スキル<気配察知>によればその扉の向こうにみんなが囚われているが、簡単には中に潜入出来ない。

部屋の前に5人の軍人が集まって話合っているからだ。


囚われたみんなに対してどう口を割らせるかだ。


割らせるも何も俺の居場所なんて目の前にいる訳なんだし、拠点にしたって囚われたみんなは本当に知らない。
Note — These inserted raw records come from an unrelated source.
(* Let $\mathcal{A}=\{A_1,\dots,A_l\}$ be a finite family of real $n\times n$ matrices, each with a strictly dominant eigenvalue $\lambda_i$, and let $\tilde r_i,\tilde h_i$, $\tilde R$, $\tilde H$, $\mathcal{K}_{inner}(\mathcal{A})=\{\tilde Rp:p\ge0\}$ and $\mathcal{K}_{outer}(\mathcal{A})=\{r:\tilde Hr\ge0\}$ be as constructed below. Fix $\tau_i>0$ and $w_i>0$ for each $i$, and define $$\tilde A_i:=I+\tau_i(A_i-\lambda_iI),\qquad W_i:=\tilde A_i-w_i\,\tilde r_i\tilde h_i^T.$$ Let $R^{(k)}\in\mathbb{R}^{n\times m}$ be a matrix with no zero column such that every nonzero element of $\mathcal{K}_{inner}(\mathcal{A})$ lies in the interior of $\{R^{(k)}p:p\ge0\}$, and every nonzero element of $\{R^{(k)}p:p\ge0\}$ lies in the interior of $\mathcal{K}_{outer}(\mathcal{A})$. Let $R^{(k+1)}:=[R^{(k)},W_1R^{(k)},\dots,W_lR^{(k)}]\in\mathbb{R}^{n\times (l+1)m}$. Then for each $i$, with $\alpha_i:=1/\tau_i-\lambda_i$, there exists a matrix $P_i\in\mathbb{R}^{(l+1)m\times m}$ with all entries strictly positive such that $$(\alpha_iI+A_i)R^{(k)}=R^{(k+1)}P_i.$$
   Context: Inequalities are entrywise. A real square matrix $A$ has a strictly dominant eigenvalue if it has a real, algebraically simple eigenvalue $\lambda$ with $\operatorname{Re}\mu<\lambda$ for every other eigenvalue $\mu$. Construction of $\tilde r_i,\tilde h_i$: for each $i$ let $\hat r_i,\hat h_i$ be nonzero right and left eigenvectors of $A_i$ for $\lambda_i$; set $\tilde h_1:=\hat h_1$; for each $k$ choose $\tilde r_k\in\{\hat r_k,-\hat r_k\}$ with $\langle\tilde h_1,\tilde r_k\rangle\ge0$; for $j>1$ choose $\tilde h_j\in\{\hat h_j,-\hat h_j\}$ with $\langle\tilde h_j,\tilde r_j\rangle\ge0$. $\tilde R$ is the $n\times l$ matrix with columns $\tilde r_k$, $\tilde H$ the $l\times n$ matrix with rows $\tilde h_j^T$. *)

(* Real matrices are modelled as matrices with real entries
   (Num.real) over an arbitrary numeric algebraically closed field C (e.g. the
   complex numbers); this lets us speak about complex eigenvalues. *)
From HB Require Import structures.
From mathcomp Require Import all_boot all_order all_algebra.
Set Implicit Arguments. Unset Strict Implicit. Unset Printing Implicit Defensive.
Import Order.TTheory GRing.Theory Num.Theory.
Local Open Scope ring_scope.

Section Defs.
Variable C : numClosedFieldType.

Definition real_mx (p q : nat) (M : 'M[C]_(p, q)) : Prop :=
  forall i j, M i j \is Num.real.

Definition nonnegmx (p q : nat) (M : 'M[C]_(p, q)) : Prop :=
  forall i j, 0 <= M i j.

Definition strictly_dominant (n : nat) (A : 'M[C]_n) (lambda : C) : Prop :=
  [/\ lambda \is Num.real,
      root (char_poly A) lambda,
      mup lambda (char_poly A) = 1%N &
      forall mu, root (char_poly A) mu -> mu != lambda -> 'Re mu < lambda].

Definition cone_gen (n m : nat) (M : 'M[C]_(n, m)) (x : 'cV[C]_n) : Prop :=
  exists p : 'cV[C]_m, nonnegmx p /\ x = M *m p.

Definition cone_outer (l n : nat) (H : 'M[C]_(l, n)) (x : 'cV[C]_n) : Prop :=
  real_mx x /\ nonnegmx (H *m x).

Definition interior_in (n : nat) (S : 'cV[C]_n -> Prop) (x : 'cV[C]_n) : Prop :=
  exists e : C, 0 < e /\
    forall y : 'cV[C]_n, real_mx y -> (forall i, `|y i 0 - x i 0| < e) -> S y.

Definition Rtilde (n l : nat) (rt : 'I_l -> 'cV[C]_n) : 'M[C]_(n, l) :=
  \matrix_(i < n, k < l) rt k i 0.
Definition Htilde (n l : nat) (ht : 'I_l -> 'rV[C]_n) : 'M[C]_(l, n) :=
  \matrix_(j < l, i < n) ht j 0 i.

End Defs.

From HB Require Import structures.
From mathcomp Require Import all_boot all_order all_algebra.
From mathcomp Require Import ring.
Import Order.TTheory GRing.Theory Num.Theory.
Set Implicit Arguments. Unset Strict Implicit. Unset Printing Implicit Defensive.
Local Open Scope ring_scope.

(* Write t = tau_i, r = r~_i, h = h~_i and alpha = 1/t - lambda_i.  Since
       alpha I + A_i = t^-1 W_i + (w_i / t) r h^T,                         (1)
   it suffices to express r h^T R^(k) as R^(k+1) times a positive matrix.
   Two facts about the cones provide this:
   - every column of R^(k) is a nonzero point of cone(R^(k)), hence interior
     to the outer cone, so the row s := h^T R^(k) is strictly positive;
   - r is interior to cone(R^(k)), so for v := sum_j W_j R^(k) 1 there are
     d > 0 and a strictly positive q with R^(k) q = r - d v.
   Hence r s = R^(k) (q s) + sum_j (W_j R^(k)) (d 1 s); adding the block
   t^-1 I in position j = i realises t^-1 W_i R^(k), and (1) concludes. *)

Section RealMatrices.
Variable C : numClosedFieldType.

Lemma real_mxD p q (M N : 'M[C]_(p, q)) :
  real_mx M -> real_mx N -> real_mx (M + N).
Proof. by move=> hM hN a b; rewrite mxE rpredD. Qed.

Lemma real_mxB p q (M N : 'M[C]_(p, q)) :
  real_mx M -> real_mx N -> real_mx (M - N).
Proof. by move=> hM hN a b; rewrite !mxE rpredB. Qed.

Lemma real_mxZ p q (c : C) (M : 'M[C]_(p, q)) :
  c \is Num.real -> real_mx M -> real_mx (c *: M).
Proof. by move=> hc hM a b; rewrite mxE rpredM. Qed.

Lemma real_mxM p q r (M : 'M[C]_(p, q)) (N : 'M[C]_(q, r)) :
  real_mx M -> real_mx N -> real_mx (M *m N).
Proof. by move=> hM hN a b; rewrite mxE rpred_sum // => k _; rewrite rpredM. Qed.

Lemma real_mx_sum p q (I : finType) (F : I -> 'M[C]_(p, q)) :
  (forall j, real_mx (F j)) -> real_mx (\sum_j F j).
Proof. by move=> hF a b; rewrite summxE rpred_sum // => j _; apply: hF. Qed.

Lemma real_mx_scalar p (c : C) : c \is Num.real -> real_mx (c%:M : 'M[C]_p).
Proof. by move=> hc a b; rewrite mxE rpredMn. Qed.

Lemma real_mx_const p q : real_mx (const_mx 1 : 'M[C]_(p, q)).
Proof. by move=> a b; rewrite mxE. Qed.

Lemma real_deflated_step n (A : 'M[C]_n) (lam t w : C) (r : 'cV[C]_n) (h : 'rV[C]_n) :
  real_mx A -> lam \is Num.real -> t \is Num.real -> w \is Num.real ->
  real_mx r -> real_mx h -> real_mx (1%:M + t *: (A - lam%:M) - w *: (r *m h)).
Proof.
move=> A_real lam_real t_real w_real r_real h_real.
apply: real_mxB; last by apply: real_mxZ => //; exact: real_mxM.
apply: real_mxD; first exact: real_mx_scalar.
by apply: real_mxZ => //; apply: real_mxB => //; exact: real_mx_scalar.
Qed.

End RealMatrices.

Section Cones.
Variable C : numClosedFieldType.

Lemma small_multiple k (e : C) (f : 'I_k -> C) :
  0 < e -> exists2 d, 0 < d & forall a, d * `|f a| < e.
Proof.
move=> e_gt0; pose S := \sum_a `|f a|.
have S1_gt0 : 0 < 1 + S by rewrite ltr_wpDr ?sumr_ge0.
exists (e / (1 + S)) => [|a]; first by rewrite divr_gt0.
have fa_le : `|f a| <= S by rewrite /S (bigD1 a) //= lerDl sumr_ge0.
rewrite mulrAC ltr_pdivrMr // ltr_pM2l // (le_lt_trans fa_le) //.
by rewrite ltrDr ltr01.
Qed.

Lemma interior_shift n (S : 'cV[C]_n -> Prop) (x v : 'cV[C]_n) :
  real_mx x -> real_mx v -> interior_in S x -> exists2 d, 0 < d & S (x - d *: v).
Proof.
move=> x_real v_real [e [e_gt0 x_int]].
have [d d_gt0 d_small] := @small_multiple _ _ (fun a => v a 0) e_gt0.
exists d => //; apply: x_int => [|a].
  by apply: real_mxB => //; apply: real_mxZ => //; exact: gtr0_real.
by rewrite !mxE addrAC subrr add0r normrN normrM gtr0_norm.
Qed.

Lemma real_row_norm_gt0 n (h : 'rV[C]_n) :
  real_mx h -> h != 0 -> 0 < (h *m h^T) 0 0.
Proof.
move=> h_real h_nz.
have sq k : h 0 k * h^T k 0 = `|h 0 k| ^+ 2 by rewrite mxE -expr2 real_normK.
have [k hk_nz] : exists k, h 0 k != 0.
  apply/existsP; apply: contraR h_nz; rewrite negb_exists => /forallP h0.
  by apply/eqP/matrixP => a b; rewrite ord1 mxE; apply/eqP; rewrite -[_ == _]negbK h0.
rewrite mxE (bigD1 k) //= sq ltr_wpDr ?exprn_gt0 ?normr_gt0 //.
by apply: sumr_ge0 => j _; rewrite sq exprn_ge0.
Qed.

(* In the interior of {x : H x >= 0}, every nonzero real row of H is strictly
   positive: step from x against that row and use nonnegativity there. *)
Lemma interior_outer_gt0 k n (H : 'M[C]_(k, n)) (x : 'cV[C]_n) j :
  real_mx H -> row j H != 0 -> real_mx x ->
  interior_in (cone_outer H) x -> 0 < (H *m x) j 0.
Proof.
move=> H_real h_nz x_real x_int; set h := row j H.
have h_real : real_mx h by move=> a b; rewrite mxE.
have hT_real : real_mx h^T by move=> a b; rewrite !mxE; apply: H_real.
have entry (y : 'cV[C]_n) : (H *m y) j 0 = (h *m y) 0 0.
  by rewrite /h -row_mul [RHS]mxE.
have entryB (M N : 'M[C]_(k, 1)) (c : C) : (M - c *: N) j 0 = M j 0 - c * N j 0.
  by rewrite !mxE.
have [d d_gt0 [_ shifted_ge0]] := interior_shift x_real hT_real x_int.
have := shifted_ge0 j 0.
rewrite mulmxBr -scalemxAr entryB (entry h^T) subr_ge0.
apply: lt_le_trans; rewrite mulr_gt0 //; exact: real_row_norm_gt0.
Qed.

Lemma cone_gen_col n m (R : 'M[C]_(n, m)) b : cone_gen R (col b R).
Proof. by exists (delta_mx b 0); split; [move=> a c; rewrite mxE ler0n | exact: colE]. Qed.

Lemma functional_gt0_on_generators k n m (H : 'M[C]_(k, n)) (R : 'M[C]_(n, m)) j b :
  real_mx H -> real_mx R -> row j H != 0 -> col b R != 0 ->
  (forall x, cone_gen R x -> x != 0 -> interior_in (cone_outer H) x) ->
  0 < (row j H *m R) 0 b.
Proof.
move=> H_real R_real h_nz Rb_nz R_int.
have -> : (row j H *m R) 0 b = (H *m col b R) j 0.
  by rewrite -row_mul colE mulmxA -colE !mxE.
apply: interior_outer_gt0 => //; first by move=> a c; rewrite mxE.
by apply: R_int Rb_nz; exact: cone_gen_col.
Qed.

Lemma interior_gen_pos n m (R : 'M[C]_(n, m)) (x v : 'cV[C]_n) :
  real_mx R -> real_mx x -> real_mx v -> interior_in (cone_gen R) x ->
  exists d, exists2 q : 'cV[C]_m,
    0 < d /\ (forall a, 0 < q a 0) & R *m q = x - d *: v.
Proof.
move=> R_real x_real v_real x_int.
pose u : 'cV[C]_n := R *m const_mx 1.
have vu_real : real_mx (v + u).
  by apply: real_mxD => //; apply: real_mxM => //; exact: real_mx_const.
have [d d_gt0 [p [p_ge0 Rp]]] := interior_shift x_real vu_real x_int.
exists d, (p + d *: const_mx 1); first by split => // a; rewrite !mxE mulr1 ltr_wpDl.
by rewrite mulmxDr -Rp -scalemxAr scalerDr opprD addrA subrK.
Qed.

End Cones.

Section Refinement.
Variable C : numClosedFieldType.

Lemma shift_decomposition n (A : 'M[C]_n) (lam t w : C) (r : 'cV[C]_n) (h : 'rV[C]_n) :
  t != 0 ->
  (t^-1 - lam)%:M + A =
    t^-1 *: (1%:M + t *: (A - lam%:M) - w *: (r *m h)) + (w / t) *: (r *m h).
Proof. by move=> t_nz; apply/matrixP => a b; rewrite !mxE; field. Qed.

(* The factor P_i: the block c q s against R, and the blocks (c d) 1 s, plus
   a I in position i, against the l matrices W_j R. *)
Definition refinement_factor l m (i : 'I_l) (q : 'cV[C]_m) (s : 'rV[C]_m) (c d a : C)
  : 'M[C]_(m + \sum_(j < l) m, m) :=
  col_mx (c *: (q *m s))
    (\mxcol_(j < l) ((c * d) *: (const_mx 1 *m s) + (if j == i then a else 0)%:M)).

Lemma refinement_factor_gt0 l m (i : 'I_l) (q : 'cV[C]_m) (s : 'rV[C]_m) (c d a : C) :
  0 < c -> 0 < d -> 0 <= a -> (forall b, 0 < q b 0) -> (forall b, 0 < s 0 b) ->
  forall x y, 0 < refinement_factor i q s c d a x y.
Proof.
move=> c_gt0 d_gt0 a_ge0 q_gt0 s_gt0 x y; rewrite -(splitK x).
case: (split x) => x' /=; rewrite ?col_mxEu ?col_mxEd !mxE.
  by rewrite big_ord1 !mulr_gt0.
rewrite big_ord1 mxE mul1r ltr_wpDr ?mulr_gt0 //.
by rewrite mulrn_wge0 //; case: ifP.
Qed.

Lemma refinement_factor_mul l n m (i : 'I_l) (R : 'M[C]_(n, m)) (M : 'I_l -> 'M[C]_(n, m))
    (r : 'cV[C]_n) (q : 'cV[C]_m) (s : 'rV[C]_m) (c d a : C) :
  R *m q = r - d *: \sum_j M j *m const_mx 1 ->
  row_mx R (\mxrow_j M j) *m refinement_factor i q s c d a = c *: (r *m s) + a *: M i.
Proof.
move=> Rq; rewrite mul_row_col mul_mxrow_mxcol -scalemxAr mulmxA Rq.
rewrite (eq_bigr (fun j => (c * d) *: (M j *m const_mx 1 *m s) +
                          (if j == i then a else 0) *: M j)); last first.
  by move=> j _; rewrite mulmxDr -scalemxAr mulmxA mul_mx_scalar.
rewrite big_split /= -scaler_sumr [X in _ + (_ + X)](bigD1 i) //= eqxx.
rewrite [X in _ + (_ + (_ + X))]big1 ?addr0; last by move=> j /negbTE ->; rewrite scale0r.
by rewrite mulmxBl -scalemxAl scalerBr scalerA mulmx_suml addrA subrK.
Qed.

Lemma col_Rtilde n l (rt : 'I_l -> 'cV[C]_n) k : col k (Rtilde rt) = rt k.
Proof. by apply/matrixP => a b; rewrite ord1 !mxE. Qed.

Lemma row_Htilde n l (ht : 'I_l -> 'rV[C]_n) j : row j (Htilde ht) = ht j.
Proof. by apply/matrixP => a b; rewrite ord1 !mxE. Qed.

Lemma real_Htilde n l (ht : 'I_l -> 'rV[C]_n) :
  (forall j, real_mx (ht j)) -> real_mx (Htilde ht).
Proof. by move=> ht_real a b; rewrite mxE; apply: ht_real. Qed.

End Refinement.

Theorem mainTheorem6 (C : numClosedFieldType) (n l m : nat)
  (A : 'I_l -> 'M[C]_n) (lambda : 'I_l -> C)
  (rt : 'I_l -> 'cV[C]_n) (ht : 'I_l -> 'rV[C]_n)
  (tau w : 'I_l -> C) (Rk : 'M[C]_(n, m)) :
  (0 < l)%N ->
  (forall i, real_mx (A i)) ->
  (forall i, strictly_dominant (A i) (lambda i)) ->
  (forall i, real_mx (rt i) /\ rt i != 0 /\ A i *m rt i = lambda i *: rt i) ->
  (forall i, real_mx (ht i) /\ ht i != 0 /\ ht i *m A i = lambda i *: ht i) ->
  (forall (i0 k : 'I_l), nat_of_ord i0 = 0%N -> 0 <= (ht i0 *m rt k) 0 0) ->
  (forall j : 'I_l, (0 < nat_of_ord j)%N -> 0 <= (ht j *m rt j) 0 0) ->
  (forall i, 0 < tau i) ->
  (forall i, 0 < w i) ->
  real_mx Rk ->
  (forall j, col j Rk != 0) ->
  (forall x, cone_gen (Rtilde rt) x -> x != 0 -> interior_in (cone_gen Rk) x) ->
  (forall x, cone_gen Rk x -> x != 0 -> interior_in (cone_outer (Htilde ht)) x) ->
  let W := fun i : 'I_l =>
    (1%:M + tau i *: (A i - (lambda i)%:M)) - w i *: (rt i *m ht i) in
  let Rnext := row_mx Rk (\mxrow_(i < l) (W i *m Rk)) in
  forall i : 'I_l,
    exists P : 'M[C]_(m + \sum_(j < l) m, m),
      (forall a b, 0 < P a b) /\
      ((tau i)^-1 - lambda i)%:M *m Rk + A i *m Rk = Rnext *m P.
Proof.
move=> _ A_real dominant rt_eig ht_eig _ _ tau_gt0 w_gt0 Rk_real Rk_col
  inner_int outer_int W Rnext i.
have rt_real j : real_mx (rt j) by case: (rt_eig j).
have ht_real j : real_mx (ht j) by case: (ht_eig j).
have s_gt0 b : 0 < (ht i *m Rk) 0 b.
  rewrite -(row_Htilde ht i); apply: functional_gt0_on_generators => //.
    exact: real_Htilde.
  by rewrite row_Htilde; case: (ht_eig i) => _ [].
have rt_int : interior_in (cone_gen Rk) (rt i).
  by apply: inner_int (rt_eig i).2.1; rewrite -col_Rtilde; exact: cone_gen_col.
have v_real : real_mx (\sum_j W j *m Rk *m const_mx 1 : 'cV[C]_n).
  apply: real_mx_sum => j; apply: real_mxM; last exact: real_mx_const.
  have [lam_real _ _ _] := dominant j.
  apply: real_mxM => //; apply: real_deflated_step => //; exact: gtr0_real.
have [d [q [d_gt0 q_gt0] Rq]] := interior_gen_pos Rk_real (rt_real i) v_real rt_int.
exists (refinement_factor i q (ht i *m Rk) (w i / tau i) d (tau i)^-1); split.
  by apply: refinement_factor_gt0; rewrite ?divr_gt0 ?invr_ge0 ?ltW.
rewrite /Rnext (refinement_factor_mul _ _ _ _ Rq) -mulmxDl.
rewrite (shift_decomposition _ _ (w i) (rt i) (ht i)) ?gt_eqF //.
by rewrite mulmxDl -!scalemxAl mulmxA addrC.
Qed.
軍人達は困っている。生徒たちみんなは飴と鞭の行使、情に訴えかける戦法では口を割らない。机を叩く等の行為が単なる脅迫で終わっている事実である。

だから本格的に爪を剥ぐような拷問をかけようだなんて物騒な話をしている。だがそんな事、本気でやりたがる軍人はいない。


「その役目、俺にやらせて貰えないだろうか。」


俺は名乗りを上げ、姿を現した。軍人5人は険しい顔で俺を見る。


「お前は誰だよ。」

「拷問専門で呼ばれたんだよ。そういう仕事をしている。」


という設定だ。


「なるほど。アラン少尉も悪い人だな。そんな事ならよろしく頼む。」


と軍人達から肩を叩かれた。


「任せてくれ。」


そう答えて、俺は部屋の中に入る・・・・・・生徒たちから恐怖で怯えた視線が浴びせられた。内側から鍵をかける。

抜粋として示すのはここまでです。